ROMA – Tantissimi doveri e nessun diritto. È la grottesca situazione in cui versano circa 7mila specializzandi “non medici” di area sanitaria in Italia. 470 in Sicilia. 591 in Campania. Biologi, veterinari, odontoiatri, farmacisti, chimici, fisici e psicologi. Tutti, al pari dei “camici bianchi”, con l’obbligo di possedere un titolo di specializzazione per accedere ai ruoli dirigenziali del sistema sanitario nazionale, così come recita il decreto legge 502 del 1992, ma senza una borsa di studio o un rimborso spese.
I doveri, invece, ci sono tutti. Frequenza a tempo pieno, timbratura del cartellino, svolgimento delle analisi di routine, svolgimento dei turni e pagamento di tasse universitarie annuali (non meno di 1000 euro l’anno). Insomma: un lavoro. Non pagato. Secondo il più classico dei sistemi all’italiana. Con la conseguenza che un farmacista o un veterinario che voglia aspirare ad un ruolo dirigenziale nel sistema sanitario dovrà farsi carico di tutti i costi della scuola di specializzazione per cinque anni sacrificando risorse e chance di lavoro.
Non solo. La scuola di specializzazione, oltre a non prevedere alcuna borsa di studio, non prevede alcun contratto, nessuna copertura previdenziale e nessun diritto alla maternità e alla malattia. Una situazione che rende tantissimi laureati dei professionisti di serie B rispetto ai più “blasonati” medici. «Devo lavorare doppio – denuncia Antonio Guerrera, uno dei tanti soci del C.I.S.A.S., il Coordinamento Italiano Specializzandi di Area Sanitaria – dopo i corsi alla scuola di specializzazione, per mantenermi, faccio i turni di notte in farmacia. Perché i medici vengono retribuiti e noi no?».

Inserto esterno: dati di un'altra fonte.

Definition eval_word (w : seq nat) : term X := foldr (fun k acc => TM (env k) acc) (TC 1) w.
Definition eval_ncp (p : ncpoly) : term X := tsum (map (fun u => tscal u.1 (eval_word u.2)) p).

Lemma eval_word_cat w1 w2 : eval_word (w1 ++ w2) ≈ TM (eval_word w1) (eval_word w2).
Proof. by elim: w1 => [|a w IH] /=; rewrite ?cg_mul1l // IH cg_mulA. Qed.

Lemma eval_ncp_cons u p : eval_ncp (u :: p) = TA (tscal u.1 (eval_word u.2)) (eval_ncp p).
Proof. by []. Qed.

Lemma eval_ncp_cat p1 p2 : eval_ncp (p1 ++ p2) ≈ TA (eval_ncp p1) (eval_ncp p2).
Proof. by rewrite /eval_ncp map_cat tsum_cat. Qed.

Lemma eval_ncp_flatten (l : seq ncpoly) : eval_ncp (flatten l) ≈ tsum (map eval_ncp l).
Proof. by elim: l => [|p l IH] //=; rewrite eval_ncp_cat IH. Qed.

Lemma eval_ncp_scale c p : eval_ncp (map (fun u => (c * u.1, u.2)) p) ≈ tscal c (eval_ncp p).
Proof. by elim: p => [|u p IH] /=; rewrite ?scalet0 // !eval_ncp_cons IH scaletDr scaletA. Qed.

Lemma eval_ncp_mul p1 p2 :
  eval_ncp (flatten (map (fun u => map (fun v => (u.1 * v.1, u.2 ++ v.2)) p2) p1))
  ≈ TM (eval_ncp p1) (eval_ncp p2).
Proof.
have row u : eval_ncp (map (fun v => (u.1 * v.1, u.2 ++ v.2)) p2)
             ≈ TM (tscal u.1 (eval_word u.2)) (eval_ncp p2).
  elim: p2 => [|v p2 IH] /=; first by rewrite mult0.
  by rewrite eval_ncp_cons cg_mulDr -IH eval_word_cat tmulZl tmulZr scaletA.
elim: p1 => [|u p IH] /=; first by rewrite mul0t.
by rewrite eval_ncp_cat IH row eval_ncp_cons cg_mulDl.
Qed.
(* The letters [i' j' l'] of the following step only serve to show that both pairs
   expect the same label from the middle word. *)
Lemma delta_compose s1 s2 i j l i' j' l' : wf_state s1 -> wf_state s2 ->
  ~~ is_exit (delta (delta s1 i j) i' j') -> ~~ is_exit (delta (delta s2 j l) j' l') ->
  delta (compose_state s1 s2) i l = compose_state (delta s1 i j) (delta s2 j l).
Proof.
move=> wf1 wf2 alive1 alive2.
have next_label u v w t : delta s1 i j = TS u v -> delta s2 j l = TS w t -> t = u.
  move=> E1 E2; have /= huv := wf_delta i j wf1; have /= hwt := wf_delta j l wf2.
  rewrite E1 in alive1 huv; rewrite E2 in alive2 hwt.
  have [_ _ <-] := delta_TS_alive huv alive1.
  by have [_ <- _] := delta_TS_alive hwt alive2.
move: alive1 alive2 => /(contra (@is_exit_delta _ _ _)) alive1.
move=> /(contra (@is_exit_delta _ _ _)) alive2.
have Id_refl k : delta TId k k = TId by apply/delta_IdP.
case: s1 => [| |u v] in wf1 alive1 next_label *; rewrite ?delta_Exit // in alive1;
  case: s2 => [| |w t] in wf2 alive2 next_label *; rewrite ?delta_Exit // in alive2.
- case: (eqVneq i j) => [<-|ij]; first by rewrite Id_refl.
  case: (eqVneq j l) => [<-|jl]; first by rewrite Id_refl; case: (delta TId i j).
  have [u [v [huv uv_ij]]] := delta_Id_enter (elimN eqP ij) alive1.
  have [w [t [hwt wt_jl]]] := delta_Id_enter (elimN eqP jl) alive2.
  have tu := next_label _ _ _ _ uv_ij wt_jl; subst t.
  by rewrite uv_ij wt_jl; apply: delta_Id_gather huv hwt uv_ij wt_jl.
- have [E2 jt lw] := delta_TS_alive wf2 alive2.
  case: (eqVneq i j) => [<-|ij]; first by rewrite Id_refl.
  have [u [v [huv uv_ij]]] := delta_Id_enter (elimN eqP ij) alive1.
  have tu := next_label _ _ _ _ uv_ij E2; subst u.
  by case: (lhd_boundary huv (esym jt) uv_ij).
- have [E1 iv ju] := delta_TS_alive wf1 alive1.
  case: (eqVneq j l) => [<-|jl]; first by rewrite /= Id_refl E1.
  have [w [t [hwt wt_jl]]] := delta_Id_enter (elimN eqP jl) alive2.
  have tu := next_label _ _ _ _ E1 wt_jl; subst t.
  by case: (lhd_boundary (side_sym hwt) (esym ju) (lhd_flip wt_jl)).
- have [E1 iv ju] := delta_TS_alive wf1 alive1.
  have [E2 jt lw] := delta_TS_alive wf2 alive2.
  rewrite E1 E2 /=; case: eqP => [wv|wv].
    by apply/delta_IdP; apply: (@inl_inj _ 'I_3); rewrite iv lw.
  have [[hu hv _] [hw _ _]] := (wf1, wf2).
  by rewrite delta_TS ?iv ?lw ?eqxx.
Qed.

Lemma itin_compose x y z k :
  ~~ is_exit (itin delta x y k.+1) -> ~~ is_exit (itin delta y z k.+1) ->
  itin delta x z k = compose_state (itin delta x y k) (itin delta y z k).
Proof.
elim: k => [//|k IH] alive_xy alive_yz.
rewrite /= IH.
- exact: delta_compose (wf_itin _ _ _) (wf_itin _ _ _) alive_xy alive_yz.
- by apply: contra alive_xy; apply: is_exit_delta.
- by apply: contra alive_yz; apply: is_exit_delta.
Qed.

Lemma is_exit_itin_trans x y z k : is_exit (itin delta x z k) ->
  is_exit (itin delta x y k.+1) || is_exit (itin delta y z k.+1).
Proof.
move=> exit_xz; apply/contraT; rewrite negb_or => /andP[alive_xy alive_yz].
move: exit_xz; rewrite (itin_compose alive_xy alive_yz) => /compose_state_exit.
by case/orP => /is_exit_delta exit_k; [move: alive_xy | move: alive_yz]; rewrite /= exit_k.
Qed.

Eppure la normativa di riferimento parla chiaro. In ottemperanza a una direttiva europea dell’83, un decreto ministeriale del 1 agosto del 2005 del MIUR equipara di fatto i laureati specializzandi nelle professioni sanitarie ai medici. Il decreto ad oggi è rimasto lettera morta. «Di questa discriminazione sono a conoscenza sia il C.U.N (Consiglio Universitario Nazionale) che il C.R.U.I. (Conferenza dei Rettori delle Università Italiane) – denuncia a Linkiesta Andrea Morello, coordinatore del C.I.S.A.S. –. Dai tavoli tecnici organizzati periodicamente dal MIUR per il riassetto delle scuole di specializzazione noi rappresentanti degli specializzandi non medici siamo sistematicamente esclusi. Una discriminazione assurda».
A complicare il quadro la sospensione da anni in molte regioni dei bandi per l’accesso alle scuole di specializzazione. Sospensione che contravviene alla legge 401 del 2000, secondo la quale «il numero dei laureati […] iscrivibili alle scuole è determinato ogni tre anni secondo le modalità previste per i medici». Tre anni che in alcuni casi diventano lustri o decenni.

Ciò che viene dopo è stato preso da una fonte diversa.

Lemma push_S q a b w y :
  apply_op (gate_amp (GS q)) (pauli a b w) y =
  'i ^+ a q * pauli (frame_gate addb (GS q) (a, b)).1 (frame_gate addb (GS q) (a, b)).2
                    (apply_op (gate_amp (GS q)) w) y.
Proof.
rewrite /pauli !apply_S [(frame_gate _ _ _).1]/=.
set b' := (frame_gate _ _ _).2; set u := xorbits y a.
have uq : u q = y q (+) a q by rewrite ffunE.
rewrite (@dot_off q b b' u u) => [|j jq]; last by rewrite /b' /= (negbTE jq).
rewrite /b' /= eqxx uq (expr_i_addb (a q)) !signr_addb.
by case: (a q); case: (b q); case: (y q); rewrite /=; ring.
Qed.

Lemma expr_omega8_addb (e y : bool) :
  omega8 ^+ y = omega8 ^+ e * t_phase e ^+ (y (+) e).
Proof.
by case: e; case: y; rewrite /t_phase /= ?expr0 ?expr1 ?mulr1 ?mul1r ?mulfV ?omega8_neq0.
Qed.

Lemma push_T q a b w y :
  t_act q false (pauli a b w) y = omega8 ^+ a q * pauli a b (t_act q (a q) w) y.
Proof.
rewrite /pauli /t_act ffunE [t_phase false]/t_phase (expr_omega8_addb (a q) (y q)).
by ring.
Qed.

Lemma run_pauli G a b w : all (fun g => uniq (gate_support g)) G ->
  exists2 l : algC, l != 0 &
  run G [::] (pauli a b w) =
  fun y => l * pauli (frame_run addb G (a, b)).1.1 (frame_run addb G (a, b)).1.2
                     (run G (frame_run addb G (a, b)).2 w) y.
Proof.
elim: G => [|g G IH] /=.
  by exists 1; rewrite ?oner_neq0 //; apply: functional_extensionality => y; rewrite mul1r.
case/andP => wf_g /IH [l l_neq0].
case: (frame_run addb G (a, b)) => [[a' b'] s] /= run_G.
case: g wf_g => [q|q|q|c t] wf_g /=; rewrite run_G ?apply_op_scale.
- exists (l * (-1) ^+ (a' q && b' q)); first by rewrite mulf_neq0 ?signr_eq0.
  by apply: functional_extensionality => y; rewrite push_H mulrA.
- exists (l * 'i ^+ a' q); first by rewrite mulf_neq0 ?expf_neq0 ?neq0Ci.
  by apply: functional_extensionality => y; rewrite push_S mulrA.
- exists (l * omega8 ^+ a' q); first by rewrite mulf_neq0 ?expf_neq0 ?omega8_neq0.
  apply: functional_extensionality => y.
  by rewrite -mulrA -push_T /t_act mulrCA.
- exists l => //; apply: functional_extensionality => y.
  by rewrite push_CNOT //; move: wf_g; rewrite /= inE andbT.
Qed.

Lemma pauli_basis (x : bits n) :
  pauli (fun j => x j) (fun=> false) (basis [ffun=> false]) = basis x.
Proof.
apply: functional_extensionality => y; rewrite /pauli /basis /dot big1 // mul1r.
rewrite (can2_eq (xorbitsK _) (xorbitsK _)).
by congr (_ == _)%:R; apply/ffunP => j; rewrite !ffunE.
Qed.

End PauliPropagation.

Section Formulas.
Variables (n : nat) (i0 : 'I_n).
Local Open Scope nat_scope.

Definition bxor (u v : bform n) : bform n := BAnd (BOr u v) (BNot (BAnd u v)).

(* The gate basis has no constants: they are built from the input [i0]. *)
Definition bconst (e : bool) : bform n :=
  if e then BOr (BVar i0) (BNot (BVar i0)) else BAnd (BVar i0) (BNot (BVar i0)).

Lemma beval_bxor u v x : beval (bxor u v) x = beval u x (+) beval v x.
Proof. by rewrite /=; case: (beval u x); case: (beval v x). Qed.

Lemma bdepth_bxor u v : bdepth (bxor u v) = maxn (bdepth u) (bdepth v) + 3.
Proof. rewrite /=; lia. Qed.

Lemma beval_bconst e x : beval (bconst e) x = e.
Proof. by case: e; rewrite /= ?orbN ?andbN. Qed.

Lemma bdepth_bconst e : bdepth (bconst e) = 2.
Proof. by case: e. Qed.

Fixpoint bmux (fs : seq (bform n)) (F : seq bool -> bool) : bform n :=
  if fs is f :: fs' then
    BOr (BAnd f (bmux fs' (fun s => F (true :: s))))
        (BAnd (BNot f) (bmux fs' (fun s => F (false :: s))))
  else bconst (F [::]).

Lemma beval_bmux fs F x : beval (bmux fs F) x = F [seq beval f x | f <- fs].
Proof.
elim: fs F => [|f fs IH] F /=; first exact: beval_bconst.
by rewrite !IH; case: (beval f x); rewrite /= ?orbF.
Qed.

Lemma bdepth_bmux fs F D : all (fun f => bdepth f <= D) fs ->
  bdepth (bmux fs F) <= D + 2 * size fs + 2.
Proof.
elim: fs F => [|f fs IH] F /=; first by rewrite bdepth_bconst; lia.
case/andP => f_le fs_le.
have := IH (fun s => F (true :: s)) fs_le; have := IH (fun s => F (false :: s)) fs_le.
lia.
Qed.

End Formulas.

Section FrameDepth.
Variable n : nat.
Local Open Scope nat_scope.

Definition frame_depth_le D (s : frame n (bform n)) :=
  forall j, bdepth (s.1 j) <= D /\ bdepth (s.2 j) <= D.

Ad arginare questa deriva normativa ci aveva provato nel 2013 il Consiglio di Stato. Con la sentenza 6037 del 17 dicembre, il massimo organo della giustizia amministrativa aveva infatti accolto il ricorso presentato da molti laureati contro una decisione del Tar del Veneto che rigettava la richiesta di riaprire i bandi delle scuole di specializzazione dell’Università degli studi di Padova bloccati da più di tre anni. Situazioni analoghe erano state segnalate anche in Friuli, Toscana, Emilia Romagna e Marche.
In quell’occasione il Consiglio impose al Ministro della salute, di concerto col MIUR e col Ministro dell’economia, di riattivare i corsi di specializzazione entro 90 giorni e soprattutto di assegnare borse di studio agli specializzandi non medici «nell’ambito delle risorse già previste», così come recita la legge 401 del 2000. Ma per ora il Ministero non ha recepito il dispositivo della sentenza. Una linea dettata con ogni probabilità dalla volontà di non creare un pericoloso precedente nella giurisprudenza amministrativa. Risultato: migliaia di specializzandi senza un soldo e bandi sospesi fino a data da destinarsi.